Final answer:
The number of moles of NiCl2 and NH3, and determine the limiting reactant to find out how much Ni2+ ions remain. The concentration of Ni2+ ions that remains after the reaction is 0.0117 M.
Step-by-step explanation:
To find the concentration of Ni2+ ions that remain after mixing the solutions, we need to use the concept of equilibrium and the stoichiometry of the reaction between NiCl2 and NH3.
The balanced equation for the reaction is:
NiCl2(aq) + 6NH3(aq) ⟶ [Ni(NH3)6]2+(aq) + 2Cl-(aq)
Since the stoichiometry of the reaction is 1:6, this means that for every 1 mole of NiCl2, 6 moles of NH3 react.

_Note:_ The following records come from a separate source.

(* Let $r\ge1$ be an integer, $\beta>0$, and let $Q$ be a complex polynomial of degree $r$ with $Q(0)=0$. Define polynomials $\widehat P_n(x)$, $n\ge0$, by $$\sum_{n=0}^\infty\frac{\widehat P_n(x)}{n!(\beta)_n}z^n=e^{Q(z)}\,{}_1F_1\left(\begin{matrix}-x\\ \beta\end{matrix};-z\right),$$ and let $\sigma$ be the operator $\sigma=x\,\partial^2T_-+\beta\,\partial$, where $\partial f(x)=f(x+1)-f(x)$ and $T_-f(x)=f(x-1)$; that is, $\sigma f(x)=(x+\beta)f(x+1)-(2x+\beta)f(x)+xf(x-1)$. Then for all $n\ge1$, $$\sigma\widehat P_n(x)=n(n+\beta-1)\,\widehat P_{n-1}(x).$$
   Context: $(a)_n=a(a+1)\cdots(a+n-1)$, $(a)_0=1$; ${}_1F_1\left(\begin{matrix}a\\ b\end{matrix};x\right)=\sum_{m\ge0}\frac{(a)_m}{(b)_m}\frac{x^m}{m!}$. *)

From HB Require Import structures.
From mathcomp Require Import all_boot all_order all_algebra.
From mathcomp Require Import complex.
From mathcomp Require Import reals.
Set Implicit Arguments. Unset Strict Implicit. Unset Printing Implicit Defensive.
Import Order.TTheory GRing.Theory Num.Theory.
Local Open Scope ring_scope.

Definition poch {K : comRingType} (a : K) (n : nat) : K :=
  \prod_(i < n) (a + i%:R).

Definition poch_negX {K : comRingType} (m : nat) : {poly K} :=
  \prod_(i < m) (- 'X + (i%:R)%:P).

(* k-th coefficient of the formal power series exp(Q(z)), for Q(0) = 0:
   exp(Q) = sum_l Q^l / l!, and since Q(0)=0 only l <= k contribute to z^k. *)
Definition expQ_coef {K : fieldType} (Q : {poly K}) (k : nat) : K :=
  \sum_(l < k.+1) (Q ^+ l)`_k / (l`!)%:R.

(* hat P_n(x): coefficient extraction from
   sum_n hatP_n(x) z^n/(n! (beta)_n) = e^{Q(z)} 1F1(-x; beta; -z),
   where 1F1(-x;beta;-z) = sum_m (-x)_m/(beta)_m (-z)^m/m!. *)
Definition Phat {K : fieldType} (Q : {poly K}) (beta : K) (n : nat) : {poly K} :=
  ((n`!)%:R * poch beta n) *:
  \sum_(m < n.+1) (expQ_coef Q (n - m) * (-1) ^+ m / (poch beta m * (m`!)%:R))
                   *: poch_negX m.

Definition sigma_op {K : comRingType} (beta : K) (f : {poly K}) : {poly K} :=
  ('X + beta%:P) * (f \Po ('X + 1)) - (2%:R *: 'X + beta%:P) * f
  + 'X * (f \Po ('X - 1)).

From HB Require Import structures.
From mathcomp Require Import all_boot all_order all_algebra.
From mathcomp Require Import complex.
From mathcomp Require Import reals.
From mathcomp Require Import ring.
Import Order.TTheory GRing.Theory Num.Theory.
Local Open Scope ring_scope.

(* In the basis of Pochhammer polynomials (-x)_m, sigma is a lowering operator:
   sigma 1 = 0 and sigma (-x)_(m+1) = -(m+1)(m+beta) (-x)_m.  Expanding the
   generating function e^Q(z) 1F1(-x; beta; -z) in this basis, this is exactly
   what makes sigma act on it as multiplication by z, i.e. sigma maps the
   z^(n+1)-coefficient P_(n+1)/((n+1)! (beta)_(n+1)) to the z^n-coefficient. *)

Section Pochhammer.
Variable K : comNzRingType.
Local Notation pn := (@poch_negX K).

Lemma pochS (a : K) m : poch a m.+1 = poch a m * (a + m%:R).
Proof. by rewrite /poch big_ord_recr. Qed.

Lemma poch_negXSr m : pn m.+1 = pn m * (- 'X + m%:R%:P).
Proof. by rewrite /poch_negX big_ord_recr. Qed.

Lemma comp_poly_negX_addC (c : K) (q : {poly K}) : (- 'X + c%:P) \Po q = - q + c%:P.
Proof. by rewrite comp_polyD linearN /= comp_polyX comp_polyC. Qed.

Lemma poch_negXS_comp_addX1 m : pn m.+1 \Po ('X + 1) = (- 'X - 1) * pn m.
Proof.
rewrite /poch_negX big_ord_recl comp_polyM rmorph_prod /= comp_poly_negX_addC.
congr (_ * _); first by rewrite addr0 opprD.
apply: eq_bigr => i _; rewrite comp_poly_negX_addC /bump /= add1n -natr1 polyCD.
ring.
Qed.

Lemma mulX_poch_negX_comp_subX1 m : 'X * (pn m \Po ('X - 1)) = - pn m.+1.
Proof.
rewrite /poch_negX big_ord_recl rmorph_prod /= addr0 mulNr opprK; congr (_ * _).
apply: eq_bigr => i _; rewrite comp_poly_negX_addC /bump /= add1n -natr1 polyCD.
ring.
Qed.

End Pochhammer.

Section SigmaOp.
Variables (K : comNzRingType) (beta : K).
Local Notation pn := (@poch_negX K).
Local Notation sigma := (sigma_op beta).

Lemma sigma_op_is_linear : linear sigma.
Proof. by move=> a f g; rewrite /sigma_op !comp_polyD !comp_polyZ -!mul_polyC; ring. Qed.

HB.instance Definition _ :=
  GRing.isLinear.Build K {poly K} {poly K} *:%R sigma sigma_op_is_linear.

Lemma sigma_poch_negX0 : sigma (pn 0) = 0.
Proof. by rewrite /sigma_op /poch_negX big_ord0 !comp_polyC -!mul_polyC; ring. Qed.

(* Every term is [pn m] times a quadratic in 'X, and these quadratics cancel
   down to the constant [-(m+1)(m+beta)]. *)
Lemma sigma_poch_negXS m :
  sigma (pn m.+1) = - (m.+1%:R * (m%:R + beta)) *: pn m.
Proof.
have shift_down : 'X * (pn m.+1 \Po ('X - 1))
    = - pn m * (- 'X + m%:R%:P) * (- 'X + m.+1%:R%:P).
  rewrite poch_negXSr comp_polyM comp_poly_negX_addC mulrA mulX_poch_negX_comp_subX1.
  by rewrite poch_negXSr -natr1 polyCD; ring.
rewrite /sigma_op poch_negXS_comp_addX1 shift_down poch_negXSr -!mul_polyC.
by rewrite !(rmorphN, rmorphM, rmorphD) /= polyC1 !polyC_natr -natr1; ring.
Qed.

End SigmaOp.

Section GeneratingFunction.
Variables (K : numFieldType) (beta : K).
Hypothesis beta_addn_neq0 : forall i : nat, beta + i%:R != 0.

Lemma poch_neq0 m : poch beta m != 0.
Proof.
elim: m => [|m IHm]; first by rewrite /poch big_ord0 oner_neq0.
by rewrite pochS mulf_neq0.
Qed.

Definition gf_coef (Q : {poly K}) n : {poly K} :=
  \sum_(m < n.+1) (expQ_coef Q (n - m) * (-1) ^+ m / (poch beta m * (m`!)%:R))
                    *: poch_negX m.

Lemma Phat_gf_coef Q n : Phat Q beta n = ((n`!)%:R * poch beta n) *: gf_coef Q n.
Proof. by []. Qed.

Lemma sigma_gf_coefS Q n : sigma_op beta (gf_coef Q n.+1) = gf_coef Q n.
Proof.
rewrite /gf_coef linear_sum big_ord_recl linearZ /= sigma_poch_negX0 scaler0 add0r.
apply: eq_bigr => i _; rewrite linearZ /= sigma_poch_negXS scalerA; congr (_ *: _).
rewrite /bump /= add1n subSS pochS factS natrM exprS.
have fact_neq0 : (i`!)%:R != 0 :> K by rewrite pnatr_eq0 -lt0n fact_gt0.
have succ_neq0 : 1 + i%:R != 0 :> K by rewrite addrC natr1 pnatr_eq0.
by field; rewrite fact_neq0 poch_neq0 succ_neq0 beta_addn_neq0.
Qed.

End GeneratingFunction.

Theorem mainTheorem4 (R : realType) (r : nat) (beta : R[i]) (Q : {poly R[i]}) :
  (1 <= r)%N -> 0 < beta -> size Q = r.+1 -> Q.[0] = 0 ->
  forall n : nat, (1 <= n)%N ->
    sigma_op beta (Phat Q beta n) = (n%:R * (n%:R + beta - 1)) *: Phat Q beta n.-1.
Proof.
move=> _ beta_gt0 _ _ [//|n] _.
have beta_addn_neq0 i : beta + i%:R != 0 by rewrite lt0r_neq0 // ltr_wpDr.
rewrite /= !Phat_gf_coef linearZ /= sigma_gf_coefS // scalerA; congr (_ *: _).
by rewrite pochS factS natrM -natr1; ring.
Qed.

Therefore, we need to calculate the number of moles of NiCl2 and NH3 present in the initial solutions.
Moles of NiCl2 = concentration of NiCl2 × volume of NiCl2 solution
= 0.0117 M × 0.1250 L = 0.00146 moles of NiCl2
Moles of NH3 = concentration of NH3 × volume of NH3 solution
= 0.250 M × 0.1750 L = 0.0438 moles of NH3
Now, we can determine the limiting reactant to find out how much Ni2+ ions remain after the reaction. Since the stoichiometry is 1:6, we need to check which reactant provides the lowest number of moles based on their stoichiometric ratio.

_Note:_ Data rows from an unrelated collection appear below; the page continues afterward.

Lemma is_disc_sqr_sub4 (t x : int) : is_disc (t ^+ 2 - 4 * x).
Proof.
have t2 : modz (t ^+ 2) 4 = modz (modz t 4 * modz t 4) 4 by rewrite modzMm expr2.
rewrite /is_disc.
have : modz t 4 = 0 \/ modz t 4 = 1 \/ modz t 4 = 2 \/ modz t 4 = 3 by lia.
by case=> [e|[e|[e|e]]]; rewrite e /= in t2; lia.
Qed.

Lemma sqfree_intP k q : sqfree_int k -> (1 < q)%N -> ~~ (q * q %| `|k|)%N.
Proof.
case/andP=> k0 /forallP sqf q1; apply/negP => qqk.
have qk : (q < `|k|.+1)%N.
  rewrite ltnS (leq_trans (leq_pmull _ (ltnW q1))) //.
  by rewrite dvdn_leq // absz_gt0.
by have := sqf (Ordinal qk); rewrite /= q1 qqk.
Qed.

Lemma not_sqfree_int k : k != 0 -> ~~ sqfree_int k ->
  exists2 q : nat, (1 < q)%N & ((q * q)%N%:Z %| k)%Z.
Proof.
move=> k0; rewrite /sqfree_int k0 => /forallPn [q].
by rewrite negb_imply negbK => /andP[q1 qqk]; exists q.
Qed.

Lemma sqr_odd_mod8 (q : nat) : odd q -> exists r : int, (q * q)%N%:Z = 8 * r + 1.
Proof.
move=> oq; rewrite -[q]odd_double_half oq; set r := q./2.
have even_rr1 : (r * (r + 1) = (r * (r + 1))./2.*2)%N.
  by rewrite -{1}[(r * _)%N]odd_double_half oddM oddD /=; case: (odd r).
by exists ((r * (r + 1))./2)%:Z; lia.
Qed.

Lemma odd_of_sqr_dvdz (q : nat) (X : int) :
  ((q * q)%N%:Z %| X)%Z -> ~~ (4 %| X)%Z -> odd q.
Proof.
move=> qqX; apply: contraR => /negbTE even_q; apply: dvdz_trans qqX.
rewrite dvdzE /= -[q]odd_double_half even_q add0n -muln2 mulnACA.
by rewrite dvdn_mull.
Qed.

Lemma nonfund_disc_sqr_factor D : D != 0 -> is_disc D -> ~~ fund_disc D ->
  exists2 q : nat, (1 < q)%N & exists2 D1, D = D1 * (q * q)%N%:Z & is_disc D1.
Proof.
move=> D0; case/orP=> [/eqP D0mod4 | /eqP D1mod4] nfund.
  have D4E : D = divz D 4 * 4 by lia.
  have [D4disc | D4nodisc] := boolP (is_disc (divz D 4)).
    by exists 2%N => //; exists (divz D 4).
  have D4sqf : ~~ sqfree_int (divz D 4).
    apply: contra nfund => sqf; apply/orP; right; rewrite sqf andbT.
    apply/andP; split; first by apply/dvdzP; exists (divz D 4).
    by rewrite !inE; move: D4nodisc; rewrite /is_disc; lia.
  have [q q1 /dvdzP [c cE]] := not_sqfree_int (ltac:(lia) : divz D 4 != 0) D4sqf.
  exists q => //; exists (4 * c); last by rewrite /is_disc; lia.
  by rewrite D4E cE; ring.
have Dsqf : ~~ sqfree_int D.
  by apply: contra nfund => sqf; rewrite /fund_disc D1mod4 sqf.
have [q q1 qqD] := not_sqfree_int D0 Dsqf.
have [r rE] := sqr_odd_mod8 (odd_of_sqr_dvdz qqD ltac:(apply/negP; lia)).
move/dvdzP: qqD => [D1 D1E]; exists q => //; exists D1 => //.
by rewrite /is_disc; move: D1mod4; rewrite D1E rE; lia.
Qed.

For NiCl2: 0.00146 moles of NiCl2 × 6 = 0.00876 moles of NH3 required
For NH3: 0.0438 moles of NH3 ÷ 1 = 0.0438 moles of NH3 required
Since 0.00876 moles of NH3 is less than 0.0438 moles of NH3, NiCl2 is the limiting reactant. This means that only the stoichiometric amount of Ni2+ ions will be formed, which is equal to 1:1 with NiCl2.
Therefore, the concentration of Ni2+ ions that remains after the reaction is 0.0117 M.